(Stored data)

^^^^

Lemma sqr_sum_mul_le (a b : T -> R) :
  (\sum_t a t * b t) ^+ 2 <= (\sum_t a t ^+ 2) * (\sum_t b t ^+ 2).
Proof.
have prod_sum : \sum_i \sum_j (a i * b j) ^+ 2 =
    (\sum_t a t ^+ 2) * (\sum_t b t ^+ 2).
  rewrite mulr_suml; apply: eq_bigr => i _; rewrite mulr_sumr.
  by apply: eq_bigr => j _; rewrite exprMn.
have prod_sum_swap : \sum_i \sum_j (a j * b i) ^+ 2 =
    (\sum_t a t ^+ 2) * (\sum_t b t ^+ 2).
  rewrite exchange_big /= mulr_suml; apply: eq_bigr => i _; rewrite mulr_sumr.
  by apply: eq_bigr => j _; rewrite exprMn.
have sqr_sum : \sum_i \sum_j (a i * b j) * (a j * b i) = (\sum_t a t * b t) ^+ 2.
  rewrite expr2 mulr_suml; apply: eq_bigr => i _; rewrite mulr_sumr.
  by apply: eq_bigr => j _; ring.
have lagrange : \sum_i \sum_j (a i * b j - a j * b i) ^+ 2 =
    \sum_i \sum_j (a i * b j) ^+ 2 + \sum_i \sum_j (a j * b i) ^+ 2
    - 2 * \sum_i \sum_j (a i * b j) * (a j * b i).
  rewrite mulr_sumr -big_split -sumrB /=; apply: eq_bigr => i _.
  rewrite mulr_sumr -big_split -sumrB /=; apply: eq_bigr => j _.
  by ring.
have : 0 <= \sum_i \sum_j (a i * b j - a j * b i) ^+ 2.
  by apply: sumr_ge0 => i _; apply: sumr_ge0 => j _; apply: sqr_ge0.
rewrite lagrange prod_sum prod_sum_swap sqr_sum; lra.
Qed.

Lemma sum_mul_le_vnorm (a b : T -> R) : \sum_t a t * b t <= vnorm a * vnorm b.
Proof.
apply: le_trans (ler_norm _) _.
rewrite -sqrtr_sqr /vnorm -sqrtrM; last by apply: sumr_ge0 => t _; apply: sqr_ge0.
by rewrite ler_sqrt ?sqr_sum_mul_le // mulr_ge0 // sumr_ge0 // => t _; apply: sqr_ge0.
Qed.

^^^^

- PROBLEM REQUIREMENTS -
Would you copy out all the entries above without changing a single character?

- EXERCISE RESULT -
Lemma sqr_sum_mul_le (a b : T -> R) :
  (\sum_t a t * b t) ^+ 2 <= (\sum_t a t ^+ 2) * (\sum_t b t ^+ 2).
Proof.
have prod_sum : \sum_i \sum_j (a i * b j) ^+ 2 =
    (\sum_t a t ^+ 2) * (\sum_t b t ^+ 2).
  rewrite mulr_suml; apply: eq_bigr => i _; rewrite mulr_sumr.
  by apply: eq_bigr => j _; rewrite exprMn.
have prod_sum_swap : \sum_i \sum_j (a j * b i) ^+ 2 =
    (\sum_t a t ^+ 2) * (\sum_t b t ^+ 2).
  rewrite exchange_big /= mulr_suml; apply: eq_bigr => i _; rewrite mulr_sumr.
  by apply: eq_bigr => j _; rewrite exprMn.
have sqr_sum : \sum_i \sum_j (a i * b j) * (a j * b i) = (\sum_t a t * b t) ^+ 2.
  rewrite expr2 mulr_suml; apply: eq_bigr => i _; rewrite mulr_sumr.
  by apply: eq_bigr => j _; ring.
have lagrange : \sum_i \sum_j (a i * b j - a j * b i) ^+ 2 =
    \sum_i \sum_j (a i * b j) ^+ 2 + \sum_i \sum_j (a j * b i) ^+ 2
    - 2 * \sum_i \sum_j (a i * b j) * (a j * b i).
  rewrite mulr_sumr -big_split -sumrB /=; apply: eq_bigr => i _.
  rewrite mulr_sumr -big_split -sumrB /=; apply: eq_bigr => j _.
  by ring.
have : 0 <= \sum_i \sum_j (a i * b j - a j * b i) ^+ 2.
  by apply: sumr_ge0 => i _; apply: sumr_ge0 => j _; apply: sqr_ge0.
rewrite lagrange prod_sum prod_sum_swap sqr_sum; lra.
Qed.

Lemma sum_mul_le_vnorm (a b : T -> R) : \sum_t a t * b t <= vnorm a * vnorm b.
Proof.
apply: le_trans (ler_norm _) _.
rewrite -sqrtr_sqr /vnorm -sqrtrM; last by apply: sumr_ge0 => t _; apply: sqr_ge0.
by rewrite ler_sqrt ?sqr_sum_mul_le // mulr_ge0 // sumr_ge0 // => t _; apply: sqr_ge0.
Qed.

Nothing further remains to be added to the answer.